Python Python wakatime Open Source? Yes!

Course: CIVIL-459 Deep Learning for Autonomous Vehicles

Teacher: Alexandre Alahi

Assistants: Parth Kothari, George Adaimi

Students: Maxime Gardoni, Anthony Guinchard, Robert Pieniuta

PyTorch implementation of the paper Human Trajectory Forecasting in Crowds: A Deep Learning Perspective.

This project is conducted in the frame of the EPFL course CIVIL-459 Deep Learning for Autonomous Vehicles. It is forked from the original TrajNet++ repository elaborated by VITA lab from EPFL.

TrajNet++ is a large scale interaction-centric trajectory forecasting benchmark comprising explicit agent-agent scenarios. The framework provides proper indexing of trajectories by defining a hierarchy of trajectory categorization. In addition, it provides an extensive evaluation system to test the gathered methods for a fair comparison. In the evaluation, the framework goes beyond the standard distance-based metrics and introduces novel metrics that measure the capability of a model to emulate pedestrian behavior in crowds. Finally, TrajNet++ provides code implementations of > 10 popular human trajectory forecasting baselines.

Table of contents

  1. Milestone 1: Getting Started

      1.1 Visualizations

      1.2 Qualitative evaluation

  1. Milestone 2: Implementing Social Contrastive Learning

      2.1 Spatial sampling

      2.2 Contrastive learning implementation

      2.3 Training

      2.4 Results

      2.5 Observations

  1. Milestone 3: Multimodal Prediction & TrajNet++ Challenge

      3.1 Implementation details

      3.2 Results

      3.3 Conclusion

ᐅ Milestone 1: Getting Started

The purpose of this first milestone is to get used to work with the TrajNet++ framework and its command line interface for training and evaluating models.

1) Visualizations

Visualizations of 3 test scenes qualitatively comparing outputs of the Vanilla model and D-Grid model both trained during 2 epochs:

Those 3 visualizations clearly demonstrate the superiority of the D-Grid model over the Vanilla one in terms of both Average Displacement Error (ADE) and Final Displacement Error (FDE) already for only 2 epochs of training.

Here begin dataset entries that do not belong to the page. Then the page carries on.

Lemma is_lub_compl x y m : is_glb Pos proj (1 - x) (1 - y) m ->
  is_lub Pos proj x y (1 - m).
Proof.
case=> pm [mx [my m_greatest]]; split; first exact: proj_compl.
split; first by rewrite -[x](subKr 1); apply: sle_compl.
split; first by rewrite -[y](subKr 1); apply: sle_compl.
move=> z pz xz yz; rewrite -[z](subKr 1); apply: sle_compl.
by apply: m_greatest; [apply: proj_compl | apply: sle_compl ..].
Qed.

Lemma pmeet_glb x y : proj x -> proj y -> is_glb Pos proj x y (pmeet x y).
Proof.
move=> px py.
have [c lub_c] := proj_lub_exists (proj_compl px) (proj_compl py).
by rewrite /Defs.pmeet (meet_in_eq (is_glb_compl lub_c)); apply: is_glb_compl.
Qed.

Lemma pmeet_proj x y : proj x -> proj y -> proj (pmeet x y).
Proof. by move=> px py; case: (pmeet_glb px py). Qed.

Lemma pjoin_compl x y : proj x -> proj y -> pjoin x y = 1 - pmeet (1 - x) (1 - y).
Proof.
move=> px py; apply: join_in_eq; apply: is_lub_compl.
exact: pmeet_glb (proj_compl px) (proj_compl py).
Qed.

Lemma pmeetC x y : proj x -> proj y -> pmeet x y = pmeet y x.
Proof.
move=> px py; apply: meet_in_eq.
have [pm [my [mx m_greatest]]] := pmeet_glb py px.
by split=> //; split=> //; split=> // z pz zx zy; apply: m_greatest.
Qed.

Lemma pjoinC x y : proj x -> proj y -> pjoin x y = pjoin y x.
Proof.
by move=> px py; rewrite !pjoin_compl // pmeetC //; apply: proj_compl.
Qed.

Lemma pmeet_mulC x y : proj x -> proj y -> x * y = y * x -> pmeet x y = x * y.
Proof.
move=> px py xy_yx; apply: meet_in_eq; split; first exact: proj_mulC.
have pxy := proj_mulC px py xy_yx.
split; first by apply/(proj_leP pxy px); rewrite xy_yx -mulrA px.2.
split; first by apply/(proj_leP pxy py); rewrite -mulrA py.2.
move=> z pz /(proj_leP pz px) zx /(proj_leP pz py) zy.
by apply/(proj_leP pz pxy); rewrite mulrA zx zy.
Qed.

Lemma pmeet_compl_orth x y : proj x -> proj y -> x * y = 0 -> y * x = 0 ->
  pmeet (1 - x) (1 - y) = 1 - (x + y).
Proof.
move=> px py xy yx; rewrite (pmeet_mulC (proj_compl px) (proj_compl py)).
  by rewrite mulrBl mul1r mulrBr mulr1 xy subr0 opprD addrA addrAC.
by rewrite !mulrBl !mul1r !mulrBr !mulr1 xy yx !subr0 addrAC.
Qed.

Lemma pmeet_compl_le a x : proj a -> proj x -> sle x a -> pmeet a (1 - x) = a - x.
Proof.
move=> pa px /(proj_le_mul px pa) [xa_x ax_x].
rewrite (pmeet_mulC pa (proj_compl px)); first by rewrite mulrBr mulr1 ax_x.
by rewrite mulrBr mulrBl mulr1 mul1r ax_x xa_x.
Qed.

Lemma meet_Pint_eq0 r a b : proj r -> proj a -> proj b ->
  a * r = r * a -> b * r = r * b -> r * pmeet a b = 0 ->
  meet_in Pos (Pint A Pos r) (a * r) (b * r) = 0.
Proof.
move=> pr pa pb ar_ra br_rb r_ab.
have par := proj_mulC pa pr ar_ra; have pbr := proj_mulC pb pr br_rb.
have below z c : proj z -> proj c -> c * r = r * c -> sle z (c * r) -> z * c = z.
  move=> pz pc cr_rc /(proj_leP pz (proj_mulC pc pr cr_rc)) zcr.
  by rewrite -{1}zcr -!mulrA -cr_rc (mulrA c c r) pc.2 zcr.
apply: meet_in_eq; split.
  by split; [apply: proj0 | rewrite /sle subr0; apply: proj_pos].
split; first by rewrite /sle subr0; apply: proj_pos.
split; first by rewrite /sle subr0; apply: proj_pos.
move=> z [pz /(proj_leP pz pr) zr] za zb.
have [_ [_ [_ ab_greatest]]] := pmeet_glb pa pb.
have /(proj_leP pz (pmeet_proj pa pb)) zab : sle z (pmeet a b).
  by apply: ab_greatest => //; apply/(proj_leP pz) => //; apply: below.
rewrite -zab -zr -mulrA r_ab mulr0; exact: sle_refl.
Qed.

Lemma pjoin_proj x y : proj x -> proj y -> proj (pjoin x y).
Proof.
by move=> px py; rewrite pjoin_compl //; apply/proj_compl/pmeet_proj; apply: proj_compl.
Qed.

Definition side (x : E) (a : bool) := if a then x else 1 - x.

Lemma proj_side x a : proj x -> proj (side x a).
Proof. by case: a => //; apply: proj_compl. Qed.

Lemma side_neq x a a' : a != a' -> side x a' = 1 - side x a.
Proof. by case: a a' => [] [] //= _; rewrite subKr. Qed.

Definition generic_part p q :=
  pmeet (pmeet (pmeet (pjoin p q) (pjoin p (pcompl q))) (pjoin (pcompl p) q))
        (pjoin (pcompl p) (pcompl q)).

Definition generic_comp p q :=
  pmeet (pmeet p (pjoin (pcompl p) q)) (pjoin (pcompl p) (pcompl q)).

Section Corners.
Variables p q : E.
Hypotheses (hp : proj p) (hq : proj q).

Definition corner a b := pmeet (side p a) (side q b).

Definition corners := \sum_(a : bool) \sum_(b : bool) corner a b.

Command used to train the Vanilla model on 2 epochs:

python -m trajnetbaselines.lstm.trainer --epochs 2 --path five_parallel_synth_split --augment

Command used to train the D-Grid model on 2 epochs:

python -m trajnetbaselines.lstm.trainer --epoch 2 --path five_parallel_synth_split --type 'directional' --goals --augment

2) Qualitative evaluation

Qualitative evaluation (Results.png):

ᐅ Milestone 2: Implementing Social Contrastive Learning

Based on our familiarity with the Trajnet++ framework, the purpose of this second milestone is to apply social contrastive learning to the D-LSTM (i.e. D-Grid) model. More information about this method can be found in the paper Social NCE: Contrastive Learning of Socially-aware Motion Representations written by researchers from VITA lab of EPFL. Briefly explained, contrastive learning combined with negative data augmentation has been a promising technique to boost the robustness of forecasting models. In addition, it has been shown that using social contrastive learning helps to reduce the percentage of collision (COL). In fact, this strategy allows to locally treat trajectories to avoid other pedestrians (in comparison with a model that has been trained without contrastive loss). In this second milestone we have hence implemented contrastive learning and sampling methods (both positive and negative) as suggested in the reference paper.

Given time constraints, it was chosen not to implement event sampling in order to better focus on the spatial sampling and its hyperparameters tuning.

1) Spatial sampling

Here is how our spatial sampling is performed:

  • Positive sampling: the ground truth position of the primary pedestrian is selected, and a small noise is added in order to avoid overfitting.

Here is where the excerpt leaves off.